Stored entries:
(* There is a family of instances of problem MR, one for each number of jobs $n$, for which $\frac{OPT_{\mathrm{FCFS}}}{OPT}=\Omega(n)$, where $OPT$ is the optimal objective value of MR and $OPT_{\mathrm{FCFS}}$ is the optimal objective value of MR restricted to the FCFS order.
   Context: Problem MR. There are jobs $\mathcal J=\{1,\dots,n\}$ and processors $\mathcal P=\{1,\dots,m\}$. Job $j$ has weight $w_j>0$, release date $r_j\ge0$, and a nonempty set of Map tasks and a nonempty set of Reduce tasks, preassigned to processors with at most one task of each job per processor; $T_{i,j}$ is the task of job $j$ on processor $i$, with work $v_{i,j}\ge0$. A schedule gives each task a start time and a constant speed $s_{i,j}>0$; the task runs non-preemptively for $v_{i,j}/s_{i,j}$ time units and uses energy $v_{i,j}s_{i,j}^{\beta-1}$, where $\beta>1$ is a fixed constant. Feasibility: each processor runs at most one task at a time; tasks of job $j$ start no earlier than $r_j$; Reduce tasks of job $j$ start only after all Map tasks of job $j$ complete; total energy at most a given budget $E>0$. $C_j$ is the maximum completion time of the tasks of job $j$; the objective is to minimize $\sum_j w_jC_j$. Given an order $\sigma$ of the jobs, MR restricted to $\sigma$ is MR with the additional requirement that on every processor the tasks are executed in the order $\sigma$ of their jobs (the same order for all processors). The FCFS order is any order $\sigma$ such that $r_j<r_{j'}$ implies $j$ precedes $j'$. *)

From Stdlib Require Import Reals.
From Coquelicot Require Import Coquelicot.
Open Scope R_scope.

Inductive task_kind := MapTask | ReduceTask.

(* An instance of problem MR.  Jobs are 0..njobs-1, processors 0..nprocs-1.
   kind i j = Some k  iff job j has a task T_{i,j} of kind k on processor i. *)
Record instance := mkInstance {
  njobs  : nat;
  nprocs : nat;
  weight : nat -> R;
  release : nat -> R;
  kind   : nat -> nat -> option task_kind;
  work   : nat -> nat -> R;
  budget : R
}.

Definition has_task (I : instance) (i j : nat) : Prop := kind I i j <> None.
Definition is_map (I : instance) (i j : nat) : Prop := kind I i j = Some MapTask.
Definition is_reduce (I : instance) (i j : nat) : Prop := kind I i j = Some ReduceTask.

Definition valid_instance (I : instance) : Prop :=
  (forall j, (j < njobs I)%nat -> 0 < weight I j) /\
  (forall j, (j < njobs I)%nat -> 0 <= release I j) /\
  (forall i j, (i < nprocs I)%nat -> (j < njobs I)%nat -> has_task I i j -> 0 <= work I i j) /\
  0 < budget I /\
  (forall j, (j < njobs I)%nat ->
     (exists i, (i < nprocs I)%nat /\ is_map I i j) /\
     (exists i, (i < nprocs I)%nat /\ is_reduce I i j)).

Record schedule := mkSchedule { start : nat -> nat -> R; speed : nat -> nat -> R }.

Definition finish (I : instance) (S : schedule) (i j : nat) : R :=
  start S i j + work I i j / speed S i j.

Fixpoint fsum (n : nat) (f : nat -> R) : R :=
  match n with O => 0 | S k => fsum k f + f k end.

Definition energy (I : instance) (beta : R) (S : schedule) : R :=
  fsum (nprocs I) (fun i => fsum (njobs I) (fun j =>
    match kind I i j with
    | Some _ => work I i j * Rpower (speed S i j) (beta - 1)
    | None => 0
    end)).

(* The max is computed with a
   fold starting at 0; since every job has a task and, in a feasible schedule,
   every completion time is >= r_j >= 0, this equals the true maximum. *)
Fixpoint max_finish_upto (I : instance) (S : schedule) (j k : nat) : R :=
  match k with
  | O => 0
  | S k' => match kind I k' j with
            | Some _ => Rmax (max_finish_upto I S j k') (finish I S k' j)
            | None => max_finish_upto I S j k'
            end
  end.

Definition completion (I : instance) (S : schedule) (j : nat) : R :=
  max_finish_upto I S j (nprocs I).

Definition objective (I : instance) (S : schedule) : R :=
  fsum (njobs I) (fun j => weight I j * completion I S j).

Definition feasible (I : instance) (beta : R) (S : schedule) : Prop :=
  (forall i j, (i < nprocs I)%nat -> (j < njobs I)%nat -> has_task I i j ->
     0 < speed S i j /\ release I j <= start S i j) /\
  (forall i j j', (i < nprocs I)%nat -> (j < njobs I)%nat -> (j' < njobs I)%nat ->
     j <> j' -> has_task I i j -> has_task I i j' ->
     finish I S i j <= start S i j' \/ finish I S i j' <= start S i j) /\
  (forall i i' j, (i < nprocs I)%nat -> (i' < nprocs I)%nat -> (j < njobs I)%nat ->
     is_map I i j -> is_reduce I i' j -> finish I S i j <= start S i' j) /\
  energy I beta S <= budget I.

(* An order of the jobs, given by the position pos j in {0..n-1} of each job j
   (a bijection of {0..n-1}). *)
Definition is_order (n : nat) (pos : nat -> nat) : Prop :=
  (forall j, (j < n)%nat -> (pos j < n)%nat) /\
  (forall j j', (j < n)%nat -> (j' < n)%nat -> pos j = pos j' -> j = j').

Definition respects_order (I : instance) (pos : nat -> nat) (S : schedule) : Prop :=
  forall i j j', (i < nprocs I)%nat -> (j < njobs I)%nat -> (j' < njobs I)%nat ->
    has_task I i j -> has_task I i j' -> (pos j < pos j')%nat ->
    finish I S i j <= start S i j'.

Definition is_FCFS_order (I : instance) (pos : nat -> nat) : Prop :=
  is_order (njobs I) pos /\
  forall j j', (j < njobs I)%nat -> (j' < njobs I)%nat ->
    release I j < release I j' -> (pos j < pos j')%nat.

Definition OPT (I : instance) (beta : R) : Rbar :=
  Glb_Rbar (fun x => exists S, feasible I beta S /\ x = objective I S).

Definition OPT_order (I : instance) (beta : R) (pos : nat -> nat) : Rbar :=
  Glb_Rbar (fun x => exists S, feasible I beta S /\ respects_order I pos S /\
                               x = objective I S).

(* Job 0 is released first and carries all the work, a Map task of work 1 equal
   to the whole energy budget, so it cannot run faster than speed 1 and occupies its
   processor for at least one time unit.  The n - 1 other jobs are released at time 1/n
   and have no work at all.  An optimal schedule runs them at time 1/n, ahead of job 0,
   for a total cost of at most 2; in the FCFS order they must all wait for job 0, and
   each of them completes no earlier than time 1, for a total cost of at least n - 1. *)

From Stdlib Require Import Reals Lra Lia.
From Coquelicot Require Import Coquelicot.
Open Scope R_scope.

Lemma fsum_le n f g : (forall k, (k < n)%nat -> f k <= g k) -> fsum n f <= fsum n g.
Proof.
  induction n as [|n IHn]; intros Hfg; simpl; [lra|].
  assert (fsum n f <= fsum n g) by (apply IHn; intros; apply Hfg; lia).
  assert (f n <= g n) by (apply Hfg; lia).
  lra.
Qed.

Lemma fsum_const n c : fsum n (fun _ => c) = INR n * c.
Proof. induction n as [|n IHn]; simpl fsum; [simpl; ring|]. rewrite IHn, S_INR. ring. Qed.

Lemma fsum_nonneg n f : (forall k, (k < n)%nat -> 0 <= f k) -> 0 <= fsum n f.
Proof.
  intros Hf. replace 0 with (fsum n (fun _ => 0)) at 1 by (rewrite fsum_const; ring).
  now apply fsum_le.
Qed.

Lemma fsum_Sl n f : fsum (S n) f = f 0%nat + fsum n (fun k => f (S k)).
Proof.
  induction n as [|n IHn]; [simpl; ring|].
  change (fsum (S (S n)) f) with (fsum (S n) f + f (S n)).
  rewrite IHn. simpl. ring.
Qed.

Lemma fsum_ge_term n f k :
  (forall k, (k < n)%nat -> 0 <= f k) -> (k < n)%nat -> f k <= fsum n f.
Proof.
  induction n as [|n IHn]; intros Hf Hk; simpl; [lia|].
  assert (0 <= f n) by (apply Hf; lia).
  destruct (Nat.eq_dec k n) as [->|Hkn].
  - assert (0 <= fsum n f) by (apply fsum_nonneg; intros; apply Hf; lia). lra.
  - assert (f k <= fsum n f) by (apply IHn; [intros; apply Hf|]; lia). lra.
Qed.

Lemma Glb_Rbar_ge (E : R -> Prop) L :
  (forall x, E x -> L <= x) -> Rbar_le (Finite L) (Glb_Rbar E).
Proof. intros HL. now apply (Glb_Rbar_correct E). Qed.

Lemma Glb_Rbar_finite_between (E : R -> Prop) L x0 :
  E x0 -> (forall x, E x -> L <= x) ->
  exists g, Glb_Rbar E = Finite g /\ L <= g /\ g <= x0.
Proof.
  intros Hx0 HL. destruct (Glb_Rbar_correct E) as [Hlb Hglb].
  specialize (Hglb (Finite L) HL). specialize (Hlb x0 Hx0).
  destruct (Glb_Rbar E); simpl in *; try contradiction. eauto.
Qed.

Lemma Rpower_base_1 y : Rpower 1 y = 1.
Proof. unfold Rpower. rewrite ln_1, Rmult_0_r. apply exp_0. Qed.

Lemma Rpower_gt_1 x y : 1 < x -> 0 < y -> 1 < Rpower x y.
Proof. intros Hx Hy. rewrite <- (Rpower_O x) by lra. now apply Rpower_lt. Qed.

Section Completion.

Variables (I : instance) (sch : schedule) (j : nat).

Lemma max_finish_upto_nonneg k : 0 <= max_finish_upto I sch j k.
Proof.
  induction k as [|k IHk]; simpl; [lra|].
  destruct (kind I k j); [apply (Rle_trans _ _ _ IHk), Rmax_l | exact IHk].
Qed.
Lemma Dq_xOrder_bound :
  `|Dq R la lb (xOrder lam la lb)| <= Num.max (1 / (n1 la)%:R) (1 / (n1 lb)%:R).
Proof.
apply: (greedy_grid_bound (D := Dgrid) (a := incA R la lb) (b := fun i j => incA R lb la j i)).
- by rewrite le_max divr_ge0 ?ler0n.
- exact: Dgrid_00.
- by move=> i j; apply: incA_ge0.
- by move=> i j; apply: incA_ge0.
- by move=> i j; apply: incA_exchange.
- by move=> i; apply: incA_last.
- by move=> j; apply: incA_last.
- exact: Dgrid_i0S.
- exact: Dgrid_0jS.
- exact: Dgrid_greedy.
Qed.

End XOrderGrid.

Lemma dxAUC_xOrder (R : realType) (lam : R) la lb :
  dxAUC R la lb (xOrder lam la lb) = `|Dq R la lb (xOrder lam la lb)|.
Proof.
have [ca cb] := xO_count lam la lb (size la) (size lb).
rewrite /dxAUC /Dq /xAUC_ab /xAUC_ba /Aq /Bq /compB /Defs.compA /xOrder ca cb.
by rewrite !subnn !cats0.
Qed.

Theorem theorem1 (R : realType) (la lb : seq bool) :
  (0 < n1 la)%N -> (0 < n0 la)%N -> (0 < n1 lb)%N -> (0 < n0 lb)%N ->
  exists lam0 : R, 0 <= lam0 /\
    forall lam : R, lam0 <= lam ->
      dxAUC R la lb (xOrder lam la lb)
        <= Num.max (1 / (n1 la)%:R) (1 / (n1 lb)%:R).
Proof.
move=> n1a n0a n1b n0b.
have CK_ge0 : 0 <= acc_bound R la lb * denom R la lb by rewrite mulr_ge0 ?acc_bound_ge0 ?ler0n.
exists (acc_bound R la lb * denom R la lb + 1); split; first lra.
move=> lam le_lam; rewrite dxAUC_xOrder; apply: Dq_xOrder_bound => //; lra.
Qed.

TASK DETAILS: Read through the lines above and collect those that contain the string "each".

SOLUTION:
(* There is a family of instances of problem MR, one for each number of jobs $n$, for which $\frac{OPT_{\mathrm{FCFS}}}{OPT}=\Omega(n)$, where $OPT$ is the optimal objective value of MR and $OPT_{\mathrm{FCFS}}$ is the optimal objective value of MR restricted to the FCFS order.
   Context: Problem MR. There are jobs $\mathcal J=\{1,\dots,n\}$ and processors $\mathcal P=\{1,\dots,m\}$. Job $j$ has weight $w_j>0$, release date $r_j\ge0$, and a nonempty set of Map tasks and a nonempty set of Reduce tasks, preassigned to processors with at most one task of each job per processor; $T_{i,j}$ is the task of job $j$ on processor $i$, with work $v_{i,j}\ge0$. A schedule gives each task a start time and a constant speed $s_{i,j}>0$; the task runs non-preemptively for $v_{i,j}/s_{i,j}$ time units and uses energy $v_{i,j}s_{i,j}^{\beta-1}$, where $\beta>1$ is a fixed constant. Feasibility: each processor runs at most one task at a time; tasks of job $j$ start no earlier than $r_j$; Reduce tasks of job $j$ start only after all Map tasks of job $j$ complete; total energy at most a given budget $E>0$. $C_j$ is the maximum completion time of the tasks of job $j$; the objective is to minimize $\sum_j w_jC_j$. Given an order $\sigma$ of the jobs, MR restricted to $\sigma$ is MR with the additional requirement that on every processor the tasks are executed in the order $\sigma$ of their jobs (the same order for all processors). The FCFS order is any order $\sigma$ such that $r_j<r_{j'}$ implies $j$ precedes $j'$. *)
(* An order of the jobs, given by the position pos j in {0..n-1} of each job j
   each of them completes no earlier than time 1, for a total cost of at least n - 1. *)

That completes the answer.